Building Design Systems That Actually Scale
Marcus Rivera
Design Systems Lead

Why Most Design Systems Fail
The graveyard of design systems is vast. Most die not from bad components, but from bad governance. Teams build beautiful Figma libraries and pristine Storybook instances, then watch them decay as product teams route around the system to ship faster.
We've built design systems for organizations ranging from 3-person startups to 200-engineer enterprises. The pattern of failure is remarkably consistent.
The Token Architecture
Everything starts with tokens. Not components, not patterns — tokens.
/* Tier 1: Raw values */
--color-teal-600: 191 82% 26%;
/* Tier 2: Semantic aliases */
--color-interactive: var(--color-teal-600);
/* Tier 3: Component-scoped */
--button-bg: var(--color-interactive);This three-tier approach means a global rebrand requires changing Tier 1 values only. Semantic meaning is preserved. Component internals never reference raw values.
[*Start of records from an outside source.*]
(* The form g = g_{t,u} vanishes at p1 = (1,1,u,u), p2 = (1,u,1,u) and
   p3 = (1,u,u,1), and on each segment [p_i, p_j] it restricts to
   c s^2 (s - 1)^2 with c <> 0.  In a factorization g = G H over C, both
   double zeros of each segment are shared out between G and H, and since
   deg G + deg H = 4, counting degrees along the three segments forces G and H
   to vanish together at p1.  Then the quadratic part of g at p1 is the
   product of two linear forms, and such a form has no three pairwise
   orthogonal anisotropic directions; but (1,-1,0,0), (0,0,1,-1), (1,1,0,0)
   are such directions for g at p1.  Both nondegeneracy facts come from
   V_F(t, omega u) > 0.  Finally, if g were a sum of squares, extremality
   would make some square q^2 a multiple of g, a factorization with the
   common zero p1. *)

Lemma msize_dhomog_leq (R : nzRingType) n d (P : {mpoly R[n]}) :
  P \is d.-homog -> (msize P <= d.+1)%N.
Proof.
move/dhomogP => dP; rewrite msizeE big_seq.
by elim/big_ind: _ => [//|k l kd ld|m /dP ->]; rewrite ?geq_max ?kd ?ld.
Qed.

Lemma unitr_mpolyE (K : fieldType) n (P : {mpoly K[n]}) :
  (P \is a GRing.unit) = (msize P == 1%N).
Proof.
rewrite unfold_in /=; apply/andP/idP => [[/eqP -> c0]|s1].
  by rewrite mpolyCK unitfE in c0; rewrite mmeasureC c0.
have PC := msize1_polyC (eq_leq (eqP s1)).
split; first by rewrite {1}PC.
by rewrite unitfE; apply: contraTneq s1 => c0; rewrite PC c0 mmeasureC eqxx.
Qed.

Lemma coefM1 (R : nzRingType) (a b : {poly R}) :
  (a * b)`_1 = a`_0 * b`_1 + a`_1 * b`_0.
Proof. by rewrite coefM !big_ord_recr big_ord0 /= add0r. Qed.

Lemma coefM2 (R : nzRingType) (a b : {poly R}) :
  (a * b)`_2 = a`_0 * b`_2 + a`_1 * b`_1 + a`_2 * b`_0.
Proof. by rewrite coefM !big_ord_recr big_ord0 /= add0r. Qed.

Section LineRestriction.
Context {K : fieldType} {n : nat}.
Implicit Types (P Q G H : {mpoly K[n]}) (p v w : 'I_n -> K).

Definition mline P p v : {poly K} :=
  mmap (@polyC K) (fun i => (p i)%:P + v i *: 'X) P.

Lemma mlineD P Q p v : mline (P + Q) p v = mline P p v + mline Q p v.
Proof. exact: rmorphD. Qed.

Lemma mlineM P Q p v : mline (P * Q) p v = mline P p v * mline Q p v.
Proof. exact: rmorphM. Qed.

Lemma mlineC c p v : mline c%:MP p v = c%:P.
Proof. exact: mmapC. Qed.

Lemma mlineXU i p v : mline 'X_i p v = (p i)%:P + v i *: 'X.
Proof. by rewrite /mline mmapX mmap1U. Qed.

Lemma eq_mline P {p p' v v'} : p =1 p' -> v =1 v' -> mline P p v = mline P p' v'.
Proof.
move=> pp vv; apply: eq_bigr => m _; congr (_ * _); apply: mmap1_eq => i.
by rewrite pp vv.
Qed.

Lemma mline_horner P p v s : (mline P p v).[s] = P.@[fun i => p i + s * v i].
Proof.
rewrite /mline /mmap mevalE horner_sum; apply: eq_bigr => m _.
rewrite hornerCM /mmap1 horner_prod; congr (_ * _); apply: eq_bigr => i _.
by rewrite horner_exp hornerD hornerZ hornerC hornerX mulrC.
Qed.

Lemma mline_coef0 P p v : (mline P p v)`_0 = P.@[p].
Proof.
by rewrite -horner_coef0 mline_horner; apply: meval_eq => i; rewrite mul0r addr0.
Qed.

Lemma size_mline P p v : (size (mline P p v) <= msize P)%N.
Proof.
rewrite /mline /mmap (leq_trans (size_sum _ _ _)) //.
apply/bigmax_leqP_seq => m /msize_mdeg_lt mP _; apply: leq_trans mP.
rewrite mul_polyC (leq_trans (size_scale_leq _ _)) // /mmap1 mdegE.
elim/big_ind2: _ => [|q1 k1 q2 k2 le1 le2|i _].
- by rewrite size_poly1.
- rewrite (leq_trans (size_polyMleq _ _)) //.
  by move: (size q1) (size q2) le1 le2 => a b; lia.
rewrite (leq_trans (size_poly_exp_leq _ _)) // ltnS.
have : (size ((p i)%:P + v i *: 'X)%R <= 2)%N.
  rewrite (leq_trans (size_polyD _ _)) // geq_max (leq_trans (size_polyC_leq1 _)) //=.
  by rewrite (leq_trans (size_scale_leq _ _)) ?size_polyX.
by move: (size _) => k; nia.
Qed.

Lemma mline_coef1D P p v w :
  (mline P p (fun i => v i + w i))`_1 = (mline P p v)`_1 + (mline P p w)`_1.
Proof.
pose D Q := (mline Q p (fun i => v i + w i))`_1 = (mline Q p v)`_1 + (mline Q p w)`_1.
have DC c : D c%:MP by rewrite /D !mlineC coefC addr0.
have DD Q1 Q2 : D Q1 -> D Q2 -> D (Q1 + Q2).
  by rewrite /D !mlineD !coefD => -> ->; rewrite addrACA.
have DM Q1 Q2 : D Q1 -> D Q2 -> D (Q1 * Q2).
  by rewrite /D !mlineM !coefM1 !mline_coef0 => -> ->; rewrite mulrDr mulrDl addrACA.
have DX i : D 'X_i.
  by rewrite /D !mlineXU !coefD !coefC !coefZ !coefX /= !add0r !mulr1.
rewrite -/(D P) [P]mpolyE; elim/big_ind: _ => [|//|m _]; first by rewrite -mpolyC0.
rewrite -mul_mpolyC mpolyXE_id; apply: (DM) => //.
elim/big_ind: _ => [|//|i _]; first by rewrite -mpolyC1.
by elim: (m i) => [|k IH]; rewrite ?expr0 -?mpolyC1 // exprS; apply: DM.
Qed.

Lemma mline_coef2M_root G H p v : G.@[p] = 0 -> H.@[p] = 0 ->
  (mline (G * H) p v)`_2 = (mline G p v)`_1 * (mline H p v)`_1.
Proof.
by move=> G0 H0; rewrite mlineM coefM2 !mline_coef0 G0 H0 mul0r mulr0 add0r addr0.
Qed.

End LineRestriction.

Lemma split_form_no_orthogonal_triple (R : comNzRingType) (a1 a2 a3 b1 b2 b3 : R) :
  (a1 + a2) * (b1 + b2) = a1 * b1 + a2 * b2 ->
  (a1 + a3) * (b1 + b3) = a1 * b1 + a3 * b3 ->
  (a2 + a3) * (b2 + b3) = a2 * b2 + a3 * b3 ->
  2%:R * (a1 * b1 * (a2 * b2) * (a3 * b3)) = 0.
Proof.
have cross (x1 x2 y1 y2 : R) : (x1 + x2) * (y1 + y2) = x1 * y1 + x2 * y2 ->
    x2 * y1 = - (x1 * y2).
  move=> e; apply/eqP; rewrite -subr_eq0 opprK.
  have -> : x2 * y1 + x1 * y2 = (x1 + x2) * (y1 + y2) - (x1 * y1 + x2 * y2) by ring.
  by rewrite e subrr.
move=> /cross e12 /cross e13 /cross e23.
transitivity (a1 * b2 * (a2 * b3) * (a3 * b1) + a2 * b1 * (a3 * b2) * (a1 * b3)).
  by ring.
by rewrite e12 e13 e23; ring.
Qed.

Section DoubleZeros.
Context {K : fieldType} {n : nat}.
Implicit Types (P G H : {mpoly K[n]}) (p q v : 'I_n -> K) (g h : {poly K}).

(* When [g * h] has a double root at [r], the number of these two roots that
   [g] carries, read off from [a = g.[r]] and [b = h.[r]]. *)
Definition root_share (a b : K) : nat :=
  if a == 0 then (if b == 0 then 1 else 2) else 0.

Lemma root_share_eq1 (a b : K) :
  (root_share a b == 1%N) = (a == 0) && (b == 0).
Proof. by rewrite /root_share; case: (a == 0); case: (b == 0). Qed.

Lemma dvdp_root_share {g h r} : ('X - r%:P) ^+ 2 %| g * h ->
  ('X - r%:P) ^+ root_share g.[r] h.[r] %| g /\
  ('X - r%:P) ^+ (2 - root_share g.[r] h.[r]) %| h.
Proof.
rewrite /root_share => dvd2.
have [g0|g0] := eqVneq g.[r] 0; [have [h0|h0] := eqVneq h.[r] 0|].
- by rewrite !expr1 !dvdp_XsubCl /root g0 h0.
- split; last by rewrite expr0 dvd1p.
  have coph : coprimep ('X - r%:P) h by rewrite coprimep_sym coprimep_XsubC rootE.
  by rewrite -(Gauss_dvdpl _ (coprimep_expl 2 coph)).
- split; first by rewrite expr0 dvd1p.
  have copg : coprimep ('X - r%:P) g by rewrite coprimep_sym coprimep_XsubC rootE.
  by rewrite -(Gauss_dvdpr _ (coprimep_expl 2 copg)).
Qed.

Lemma size_mult_roots2 {g a b r1 r2} : g != 0 -> r1 != r2 ->
  ('X - r1%:P) ^+ a %| g -> ('X - r2%:P) ^+ b %| g -> (a + b < size g)%N.
Proof.
move=> g0 r12 ga gb.
have cop : coprimep (('X - r1%:P) ^+ a) (('X - r2%:P) ^+ b).
  by apply/coprimep_expl/coprimep_expr/coprimep_XsubC2; rewrite subr_eq0 eq_sym.
have dvd : ('X - r1%:P) ^+ a * ('X - r2%:P) ^+ b %| g by rewrite Gauss_dvdp // ga gb.
have := dvdp_leq g0 dvd.
by rewrite size_mul ?expf_neq0 ?polyXsubC_eq0 // !size_exp_XsubC addSn addnS.
Qed.

Definition double_zero_segment P p q :=
  exists2 c : K, c != 0 &
    mline P p (fun i => q i - p i) = c *: ('X^2 * ('X - 1) ^+ 2).

Lemma size_double_zero (c : K) : c != 0 -> size (c *: ('X^2 * ('X - 1) ^+ 2)) = 5%N.
Proof.
move=> c0; rewrite size_scale // size_mul ?expf_neq0 ?polyX_eq0 ?polyXsubC_eq0 //.
by rewrite size_polyXn -polyC1 size_exp_XsubC.
Qed.

Lemma msize_double_zero_segment {P p q} : double_zero_segment P p q -> (5 <= msize P)%N.
Proof. by case=> c c0 E; rewrite -(size_double_zero c c0) -E size_mline. Qed.

Lemma double_zero_segment_factors {G H p q} : double_zero_segment (G * H) p q ->
  (root_share G.@[p] H.@[p] + root_share G.@[q] H.@[q] < msize G)%N /\
  ((2 - root_share G.@[p] H.@[p]) + (2 - root_share G.@[q] H.@[q]) < msize H)%N.
Proof.
case=> c c0; rewrite mlineM; set g := mline G _ _; set h := mline H _ _ => E.
have at0 Q : (mline Q p (fun i => q i - p i)).[0] = Q.@[p].
  by rewrite mline_horner; apply: meval_eq => i; rewrite mul0r addr0.
have at1 Q : (mline Q p (fun i => q i - p i)).[1] = Q.@[q].
  by rewrite mline_horner; apply: meval_eq => i; rewrite mul1r addrC subrK.
have gh0 : g * h != 0 by rewrite -size_poly_eq0 E size_double_zero.
have [dvd0 dvd1] : ('X - 0%:P) ^+ 2 %| g * h /\ ('X - 1%:P) ^+ 2 %| g * h.
  by rewrite E !dvdpZr // subr0 polyC1; split; [apply: dvdp_mulr | apply: dvdp_mull].
have [g_p h_p] := dvdp_root_share dvd0; have [g_q h_q] := dvdp_root_share dvd1.
rewrite !at0 in g_p h_p; rewrite !at1 in g_q h_q.
have r01 : (0 : K) != 1 by rewrite eq_sym oner_eq0.
move: gh0; rewrite mulf_eq0 negb_or => /andP [g0 h0].
split.
- exact: leq_trans (size_mult_roots2 g0 r01 g_p g_q) (size_mline _ _ _).
- exact: leq_trans (size_mult_roots2 h0 r01 h_p h_q) (size_mline _ _ _).
Qed.

Lemma double_zero_triangle_factor_unit G H p1 p2 p3 : (msize (G * H) <= 5)%N ->
  double_zero_segment (G * H) p1 p2 -> double_zero_segment (G * H) p1 p3 ->
  double_zero_segment (G * H) p2 p3 -> ~ (G.@[p1] = 0 /\ H.@[p1] = 0) ->
  G \is a GRing.unit \/ H \is a GRing.unit.
Proof.
move=> le5 d12 d13 d23 nz1.
have share1 : root_share G.@[p1] H.@[p1] != 1%N.
  by rewrite root_share_eq1; apply/negP => /andP [/eqP G0 /eqP H0]; apply: nz1.
have GH0 : G * H != 0.
  by rewrite -msize_poly_eq0 -lt0n (leq_trans _ (msize_double_zero_segment d12)).
have G0 : G != 0 by apply: contraNneq GH0 => ->; rewrite mul0r.
have H0 : H != 0 by apply: contraNneq GH0 => ->; rewrite mulr0.
rewrite !unitr_mpolyE; have [|sG] := eqVneq (msize G) 1%N; first by left.
have [|sH] := eqVneq (msize H) 1%N; first by right.
rewrite msizeM // in le5.
have [x1 y1] := double_zero_segment_factors d12.
have [x2 y2] := double_zero_segment_factors d13.
have [x3 y3] := double_zero_segment_factors d23.
have shares (x y : K) : (root_share x y <= 2)%N.
  by rewrite /root_share; case: (x == 0); case: (y == 0).
have := shares G.@[p1] H.@[p1]; have := shares G.@[p2] H.@[p2]; have := shares G.@[p3] H.@[p3].
move: G0 H0 sG sH share1 x1 y1 x2 y2 x3 y3 le5; rewrite -!msize_poly_eq0.
move: (root_share _ _) (root_share _ _) (root_share _ _) (msize G) (msize H).
(* The six bounds add up to msize G + msize H >= 6, so they are all equalities
   and msize G = 2 * share + 1 at each vertex, forcing the share at p1 to be 1. *)
move=> a b c m k; lia.
Qed.

Lemma common_zero_hessian {G H p} v1 v2 v3 : G.@[p] = 0 -> H.@[p] = 0 ->
  let Q v := (mline (G * H) p v)`_2 in
  Q (fun i => v1 i + v2 i) = Q v1 + Q v2 -> Q (fun i => v1 i + v3 i) = Q v1 + Q v3 ->
  Q (fun i => v2 i + v3 i) = Q v2 + Q v3 -> 2%:R * (Q v1 * Q v2 * Q v3) = 0.
Proof.
move=> Gp Hp Q; rewrite /Q !mline_coef2M_root // !mline_coef1D.
exact: split_form_no_orthogonal_triple.
Qed.

End DoubleZeros.

Section LineRestrictionMap.
Context {K L : fieldType} (f : {rmorphism K -> L}) {n : nat}.
Implicit Types (P : {mpoly K[n]}) (p v : 'I_n -> K).

Lemma msize_map_mpoly P : msize (map_mpoly f P) = msize P.
Proof. by rewrite !msizeE (perm_big _ (msupp_map_mpoly _ (fmorph_inj f))). Qed.

Lemma meval_map P p : f P.@[p] = (map_mpoly f P).@[fun i => f (p i)].
Proof.
rewrite !mevalE (perm_big _ (msupp_map_mpoly _ (fmorph_inj f))) rmorph_sum.
apply: eq_bigr => m _; rewrite mcoeff_map_mpoly rmorphM rmorph_prod.
by congr (_ * _); apply: eq_bigr => i _; rewrite rmorphXn.
Qed.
"A design system is a product, not a project. It needs a roadmap, a backlog, and a team that treats consumers as customers."
Component API Design
The hardest decision in component design is the boundary between flexibility and consistency. We follow the 80/20 composition rule: components handle 80% of use cases through props, and the remaining 20% through composition slots.
The Governance Model
We established a contribution model with three tiers:
- •Core components: Owned by the design system team. Changes require RFC and review.
- •Domain components: Owned by product teams, built on core primitives. Shared via an internal registry.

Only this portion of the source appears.